Fantasy is nearer to insanity

November 26, 2019

[Fantasy] is not anti-rational, but para-rational; not realistic but surrealistic, superrealistic, a heightening of reality. In Freud’s terminology, it employs primary not secondary process thinking. It employs archetypes which, as Jung warned us, are dangerous things. Dragons are more dangerous, and a good deal commoner, than bears. Fantasy is nearer to poetry, to mysticism, and to insanity that naturalistic fiction is. And it is a real wilderness, and those who go there should not feel too safe. And their guides, the writers of fantasy, should take their responsibilities seriously.

Ursula K. Le Guin
From Elfland to Poughkeepsie

Making a living from writing often involves talking about what you do rather than actually doing it. I’m asked to give readings, I teach, I deliver workshops. But on days when I can sit down and tap at the keys, time is generally shaped by what I need to do or where I’m up to with a particular project. In the final weeks of editing a novel I might be working at six in the morning and still be at it after 10 at night. Whereas, the earlier stages require a slower accumulation of words and ideas, and I can keep more sociable hours. It’s experimental agriculture, not frantic harvest. Throw stuff down, leave it overnight, see what grows.

Andrew Michael Hurley
My Writing Day
The Guardian 21st October 2017

a young writer

October 28, 2019

Writing is such a revolutionary act. If you follow history you will see how writers, poets, and teachers are ones who are usually imprisoned for their words. For me to force my way into an industry that is predominately white is an act of faith and determination. I believe that there are so many voices out there waiting to be heard. If I could speak to young writers, I would say that persistence is key. I may not be the strongest writer, but I am a person who refuses to quit. I believe my voice is needed, and as a young writer, you need to believe that too, despite what the industry or others say.

Lilliam Rivera
Interview with Sandra Odell, March 2018

in danger of ink poisoning

October 20, 2019

Thing is, when I do sit down to write I’m usually instantly engrossed. Hours speed away as I tug sentences into my preferred shape, fight to express ideas gracefully, rhythmically. No elation equals that produced by a finely crafted piece of work. I know that, but I can never remember it before I’ve begun. Why? I’m not an idiot. And just as nothing equals the elation of a finely crafted piece, so nothing tops the dread in the pit of my guts before I first sit to craft. What on earth am I scared of, eh?

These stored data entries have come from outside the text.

Lemma Vtot_Vi i (v : arr m) b f j : pjoint R i v b f j != 0 ->
  [/\ Vtot (Vi i v b f j)
        = (Vtot v + (~~ colpar v i && f)
           + 2 * (~~ colpar v i && ~~ colpar v j && ~~ f))%N,
      (Vtot v <= Vtot (Vi i v b f j))%N
    & (Vtot (Vi i v b f j) <= Vtot v + 2)%N].
Proof.
rewrite /pjoint !mulf_eq0 !negb_or => /andP [_ pJ_neq0].
have vji : v (rowM m b, i) != v (rowM m b, j).
  by apply/eqP => vE; move: pJ_neq0; rewrite /pJ vE eqxx /= eqxx.
suff -> : Vtot (Vi i v b f j)
        = (Vtot v + (~~ colpar v i && f)
           + 2 * (~~ colpar v i && ~~ colpar v j && ~~ f))%N.
  by split => //; case: (colpar v i); case: f; case: (colpar v j) => /=; lia.
rewrite /Vi; case ci: (colpar v i) => /=; first by lia.
case: f => /=; first by rewrite Vtot_flip ?ci //; lia.
by rewrite Vtot_swap ?ci //; case: (colpar v j) => /=; lia.
Qed.

Section Incoming.
Variables (i : 'I_n) (b : bool).
Local Notation M := (rowM m b).

Lemma incoming_flip (w : arr m) :
  \sum_(v : arr m) (feasible v && ~~ colpar v i)%:R *
     (pF R i v b true * (flip v M i == w)%:R)
  = (feasible w && colpar w i)%:R * (feasible (flip w M i))%:R / m.+1%:R.
Proof.
under eq_bigr do rewrite flip_eq mulrA.
by rewrite sumr_mul_eq /pF flipK colpar_flip eqxx negbK !natr_andb; ring.
Qed.

Lemma incoming_swap (w : arr m) :
  \sum_(v : arr m) (feasible v && ~~ colpar v i)%:R *
     (pF R i v b false * \sum_(j < n) pJ R i v b j * (swap v M i j == w)%:R)
  = (feasible w && colpar w i)%:R
    * ((if w (M, i) then n - rowsum w M else rowsum w M)%N%:R
        / (if w (M, i) then rowsum w M else n - rowsum w M)%N%:R)
    * (1 - (if w (M, i) then rowsum w M == m else rowsum w M == m.+1)%:R
           / m.+1%:R).
Proof.
have mM := middle_rowM m_gt0 b.
under eq_bigr do rewrite big_distrr /= big_distrr /=.
rewrite exchange_big /=.
under eq_bigr => j _ do under eq_bigr do rewrite swap_eq !mulrA.
under eq_bigr => j _ do rewrite sumr_mul_eq feasible_swap.
case fw: (feasible w); last by rewrite big1 ?mul0r // => j _; rewrite !mul0r.
set s := rowsum w M.
pose X := (colpar w i)%:R
  * (1 - (if w (M, i) then s == m else s == m.+1)%:R / m.+1%:R)
  / (if w (M, i) then s else n - s)%N%:R : R.
transitivity (\sum_(j < n) (w (M, j) != w (M, i))%:R * X).
  apply: eq_bigr => j _.
  case: (eqVneq i j) => [<-|ij].
    by rewrite /pJ !swap_row tpermL eqxx /= !(mul0r, mulr0).
  rewrite /pF (feasible_flip (e := swap w M i j) _ mM fw); last exact: rowsum_swap.
  rewrite /pJ card_row_neq rowsum_swap !swap_row tpermL tpermR colpar_swap // eqxx /X.
  by case: (colpar w i); case: (w (M, i)); case: (w (M, j)) => /=;
    rewrite ?(mul0r, mulr0, mul1r, mulr1).
by rewrite -big_distrl /= sumr_natr_card card_row_neq /X -/s; ring.
Qed.

(* The rates [1/(m+1)] for toggling and [1/#{j : V_{Mj} <> V_{Mi}}] for the
   partner of a swap are exactly those making every feasible [w] with
   [w_i = 1] receive total mass one from the arrays with [v_i = 0]. *)
Lemma incoming_unlit (w : arr m) :
  \sum_(v : arr m) (feasible v && ~~ colpar v i)%:R *
   (pF R i v b true * (flip v M i == w)%:R
    + pF R i v b false * \sum_(j < n) pJ R i v b j * (swap v M i j == w)%:R)
  = (feasible w && colpar w i)%:R.
Proof.
under eq_bigr do rewrite mulrDr.
rewrite big_split /= incoming_flip incoming_swap.
case fw: (feasible w); last by rewrite /= !mul0r add0r.
have mM := middle_rowM m_gt0 b.
rewrite (feasible_flip _ mM fw) //.
have m_neq0 : (m%:R : R) != 0 by rewrite pnatr_eq0 -lt0n.
have m1_neq0 : (m%:R + 1 : R) != 0 by rewrite -(natrD R m 1) addn1 pnatr_eq0.
have n_m : (n - m = m.+1)%N by rewrite /nbulbs; lia.
have n_m1 : (n - m.+1 = m)%N by rewrite /nbulbs; lia.
have m_m1 : (m == m.+1) = false by rewrite eqn_leq ltnn andbF.
have m1_m : (m.+1 == m) = false by rewrite eqn_leq ltnn.
case: (w (M, i)); case/orP: (feasible_middle_rowsum mM fw) => /eqP ->;
  rewrite !eqxx ?m_m1 ?m1_m ?n_m ?n_m1 /= -?[m.+1]addn1 ?natrD;
  by field; rewrite ?m_neq0 ?m1_neq0.
Qed.

End Incoming.

Definition pVi_given (i : 'I_n) (v w : arr m) : R :=
  \sum_(b : bool) \sum_(f : bool) \sum_(j < n)
     2^-1 * pF R i v b f * pJ R i v b j * (Vi i v b f j == w)%:R.

Lemma pVi_givenE i (v w : arr m) : feasible v ->
  pVi_given i v w = if colpar v i then (v == w)%:R else
    \sum_(b : bool) 2^-1 *
      (pF R i v b true * (flip v (rowM m b) i == w)%:R
       + pF R i v b false *
           \sum_(j < n) pJ R i v b j * (swap v (rowM m b) i j == w)%:R).
Proof.
move=> fv; rewrite /pVi_given /Vi; case: (colpar v i).
  transitivity (\sum_(b : bool) (v == w)%:R * 2^-1 *
     ((\sum_(f : bool) pF R i v b f) * (\sum_(j < n) pJ R i v b j))).
    apply: eq_bigr => b _; rewrite big_distrlr big_distrr /=; apply: eq_bigr => f _.
    by rewrite big_distrr /=; apply: eq_bigr => j _; ring.
  under eq_bigr do rewrite sum_pF sum_pJ // !mulr1.
  by rewrite -big_distrr /= big_bool /=; field.
apply: eq_bigr => b _; rewrite big_bool /= -big_split /=.
have -> : pF R i v b true * (flip v (rowM m b) i == w)%:R
    = \sum_(j < n) pF R i v b true * (flip v (rowM m b) i == w)%:R * pJ R i v b j.
  by rewrite -big_distrr /= sum_pJ // mulr1.
by rewrite !big_distrr -big_split big_distrr /=; apply: eq_bigr => j _; ring.
Qed.

Lemma sum_pVi_given i (v : arr m) : feasible v ->
  \sum_(w : arr m) pVi_given i v w = 1.
Proof.
move=> fv; transitivity (\sum_(b : bool) 2^-1 *
    ((\sum_(f : bool) pF R i v b f) * (\sum_(j < n) pJ R i v b j))).
  rewrite exchange_big; apply: eq_bigr => b _; rewrite exchange_big big_distrlr.
  rewrite big_distrr; apply: eq_bigr => f _; rewrite exchange_big big_distrr.
  apply: eq_bigr => j _; rewrite -big_distrr sumr_eq_natr /=; ring.
under eq_bigr do rewrite sum_pF sum_pJ // !mulr1.
by rewrite big_bool /=; field.
Qed.

Lemma sum_feasible_pVi_given i (w : arr m) :
  \sum_(v : arr m) (feasible v)%:R * pVi_given i v w
  = 2 * (feasible w && colpar w i)%:R.
Proof.
transitivity (\sum_(v : arr m) ((feasible v && colpar v i)%:R * (v == w)%:R
  + \sum_(b : bool) 2^-1 * ((feasible v && ~~ colpar v i)%:R *
      (pF R i v b true * (flip v (rowM m b) i == w)%:R
       + pF R i v b false *
           \sum_(j < n) pJ R i v b j * (swap v (rowM m b) i j == w)%:R)))).
  apply: eq_bigr => v _; case fv: (feasible v); last first.
    by rewrite /= !mul0r add0r big1 // => b _; rewrite mul0r mulr0.
  rewrite pVi_givenE //=; case: (colpar v i) => /=.
    by rewrite mul1r big1 ?addr0 // => b _; rewrite mul0r mulr0.
  by rewrite mul0r add0r mul1r; apply: eq_bigr => b _; rewrite mul1r.
rewrite big_split /= sumr_mul_eq exchange_big /=.
under eq_bigr do rewrite -big_distrr /= incoming_unlit.
by rewrite big_bool /=; field.
Qed.

Lemma pV_lit i : \sum_(v : arr m) pV R v * (colpar v i)%:R = 2^-1.
Proof.
have count_lit : \sum_(v : arr m) (feasible v)%:R
    = 2 * \sum_(w : arr m) (feasible w && colpar w i)%:R :> R.
  rewrite big_distrr /=.
  under [RHS]eq_bigr => w _ do rewrite -sum_feasible_pVi_given.
  rewrite exchange_big /=; apply: eq_bigr => v _.
  rewrite -big_distrr /=; case fv: (feasible v); last by rewrite !mul0r.
  by rewrite sum_pVi_given // mulr1.
have := sum_feasible_mass R m_gt0; rewrite -big_distrl /= count_lit => total.
set lit := \sum_(w : arr m) (feasible w && colpar w i)%:R in count_lit total *.
transitivity (lit * feasible_mass R m).
  rewrite big_distrl /=; apply: eq_bigr => v _.
  by rewrite pV_uniform // natr_andb; ring.
have := congr1 (fun x => 2^-1 * x) total; rewrite /= mulr1 => <-.
by field.
Qed.

Lemma law_Vi i (w : arr m) :
  \sum_(v : arr m) \sum_(b : bool) \sum_(f : bool) \sum_(j < n)
      pjoint R i v b f j * (Vi i v b f j == w)%:R
  = pV R w * (colpar w i)%:R / \sum_(v : arr m) pV R v * (colpar v i)%:R.
Proof.
rewrite pV_lit.
transitivity (feasible_mass R m * \sum_(v : arr m) (feasible v)%:R * pVi_given i v w).
  rewrite big_distrr /=; apply: eq_bigr => v _; rewrite mulrA big_distrr /=.
  apply: eq_bigr => b _; rewrite big_distrr /=; apply: eq_bigr => f _.
  rewrite big_distrr /=; apply: eq_bigr => j _.
  by rewrite /pjoint pV_uniform //; ring.
by rewrite sum_feasible_pVi_given pV_uniform // natr_andb; field.
Qed.

Lemma size_bias_lit (g : nat -> R) i :
  \sum_(w : arr m) pV R w * (colpar w i)%:R * g (Vtot w)
  = 2^-1 * \sum_(v : arr m) \sum_(b : bool) \sum_(f : bool) \sum_(j < n)
               pjoint R i v b f j * g (Vtot (Vi i v b f j)).
Proof.
transitivity (\sum_(w : arr m) 2^-1 *
  (\sum_(v : arr m) \sum_(b : bool) \sum_(f : bool) \sum_(j < n)
      pjoint R i v b f j * (Vi i v b f j == w)%:R) * g (Vtot w)).
  by apply: eq_bigr => w _; rewrite law_Vi pV_lit; field.
under eq_bigr do rewrite -mulrA.
rewrite -big_distrr /=; congr (_ * _).
do 4![under eq_bigr => w _ do rewrite big_distrl /=;
      rewrite exchange_big /=; apply: eq_bigr => ? _].
under eq_bigr => w _ do rewrite mulrAC eq_sym.
exact: (sumr_mul_eq (fun w => pjoint R i _ _ _ _ * g (Vtot w))).
Qed.

Lemma size_bias (g : nat -> R) :
  \sum_(v : arr m) pV R v * (Vtot v)%:R * g (Vtot v)
  = (\sum_(v : arr m) pV R v * (Vtot v)%:R)
    * (\sum_(i < n) n%:R^-1 *
         \sum_(v : arr m) \sum_(b : bool) \sum_(f : bool) \sum_(j < n)
            pjoint R i v b f j * g (Vtot (Vi i v b f j))).
Proof.
have mean_V : \sum_(v : arr m) pV R v * (Vtot v)%:R = n%:R * 2^-1.
  under eq_bigr => v _ do rewrite /Vtot natr_sum big_distrr /=.
  rewrite exchange_big /=.
  under eq_bigr => i _ do rewrite pV_lit.
  by rewrite sumr_const card_ord mulr_natl.
rewrite mean_V.
under eq_bigr => v _ do rewrite /Vtot natr_sum big_distrr big_distrl /=.
rewrite exchange_big /=.
under eq_bigr => i _ do rewrite size_bias_lit.
rewrite big_distrr /=; apply: eq_bigr => i _.
have n_neq0 : (n%:R : R) != 0 by rewrite pnatr_eq0.
by field.
Qed.

End Coupling.

Unset Implicit Arguments.

Theorem theorem3p2 (R : realFieldType) (m : nat) (hm : (0 < m)%N) :
  (forall (i : 'I_(nbulbs m)) (w : arr m),
     \sum_(v : arr m) \sum_(b : bool) \sum_(f : bool) \sum_(j < nbulbs m)
        pjoint R i v b f j * (Vi i v b f j == w)%:R
     = pV R w * (colpar w i)%:R
       / \sum_(v : arr m) pV R v * (colpar v i)%:R)
  /\
  (forall g : nat -> R,
     \sum_(v : arr m) pV R v * (Vtot v)%:R * g (Vtot v)
     = (\sum_(v : arr m) pV R v * (Vtot v)%:R)
       * (\sum_(i < nbulbs m) (nbulbs m)%:R^-1 *
            \sum_(v : arr m) \sum_(b : bool) \sum_(f : bool) \sum_(j < nbulbs m)
               pjoint R i v b f j * g (Vtot (Vi i v b f j))))
  /\
  (forall (i : 'I_(nbulbs m)) (v : arr m) (b f : bool) (j : 'I_(nbulbs m)),
     pjoint R i v b f j != 0 ->
     [/\ Vtot (Vi i v b f j)
           = (Vtot v + (~~ colpar v i && f)
              + 2 * (~~ colpar v i && ~~ colpar v j && ~~ f))%N,
         (Vtot v <= Vtot (Vi i v b f j))%N
       & (Vtot (Vi i v b f j) <= Vtot v + 2)%N]).
Proof.
split; first exact: law_Vi.
split; first exact: size_bias.
exact: Vtot_Vi.
Qed.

Do I fancy myself in danger of ink poisoning, death by paper cut? Course not. I’m frightened I’m about to produce rubbish. And rightly so: the first draft is always rubbish. Trick is not to be frightened by the rubbish. Allow yourself to write the biggest pile of suffocatingly stinking ordure of which you’re capable. Once you’ve got that in place you can start to shape it. Just don’t compare your first efforts to Middlemarch, or you’ll be stabbing pens through your eyeballs before you can say edit. I bet Eliot’s first efforts were lousy too. Trick is not to worry about it.

Melissa Todd
The trick to Writing is

Like all writers, I hate receiving rejections of my work. I don’t think it ever gets any easier, but as rejections are an integral part of being a traditionally published writer you just have to take it on the chin and carry on.

J.S.Watts
Interview with Peeking Cat Poetry

write more, write better

September 17, 2019

It’s a numbers game, folks. The more you try, the more you succeed. The less you try, the less you succeed. This is true for everything. If you write more, you will write better. If you think about line length more, you will think about line length better. If you submit more, you will publish more. If you submit better, you will publish better.”

Camille T. Dungy
Say Yes to Yourself: A Poet’s Guide to Living and Writing
May/June issue of Poets & Writers Magazine

Writing

July 6, 2019

…one ought to write without making corrections, not necessarily at full tilt, no, but at one’s own pace and in accordance with what one is experiencing at the time; one ought to eject what one writes, manhandle it almost, yes, treat it roughly, not try to trim profusion but let it be part of the whole, and not tone down anything either, whether its speed or its slowness, just leave everything as it is when it appears.

Marguerite Duras
Emily L
Trans. Barbara Bray

Lost & found

May 25, 2019

Rilke warned young poets against large sweeping topics, since those are the most difficult and demand great artistic maturity. He counselled them to write about what they see around them, how they live each day, what’s been lost, what’s been found. He encouraged them to bring the things that surround us into their art, images from dreams, remembered objects. ‘If daily life seems impoverished to you,’ he wrote, ‘don’t blame life. You yourself are to blame. You’re just not enough of a poet to perceive its wealth.’ This advice may seem mundane and dim-witted to you. This is why we called to our defence one of the most esoteric poets in world literature — and just see how he praised so-called ordinary things!

Wislawa Szymborska
Letter to Michal in Nowy Targ
Literary Life
Trans. Clare Cavanagh

Write freely

May 18, 2019

1. Abandon the idea that you are ever going to finish. Lose track of the 400 pages and write just one page for each day, it helps. Then when it gets finished, you are always surprised.
2. Write freely and as rapidly as possible and throw the whole thing on paper. Never correct or rewrite until the whole thing is down. Rewrite in process is usually found to be an excuse for not going on. It also interferes with flow and rhythm which can only come from a kind of unconscious association with the material.
3. Forget your generalized audience. In the first place, the nameless, faceless audience will scare you to death and in the second place, unlike the theatre, it doesn’t exist. In writing, your audience is one single reader. I have found that sometimes it helps to pick out one person — a real person you know, or an imagined person and write to that one.
4. If a scene or a section gets the better of you and you still think you want it—bypass it and go on. When you have finished the whole you can come back to it and then you may find that the reason it gave trouble is because it didn’t belong there.
5. Beware of a scene that becomes too dear to you, dearer than the rest. It will usually be found that it is out of drawing.
6. If you are using dialogue — say it aloud as you write it. Only then will it have the sound of speech.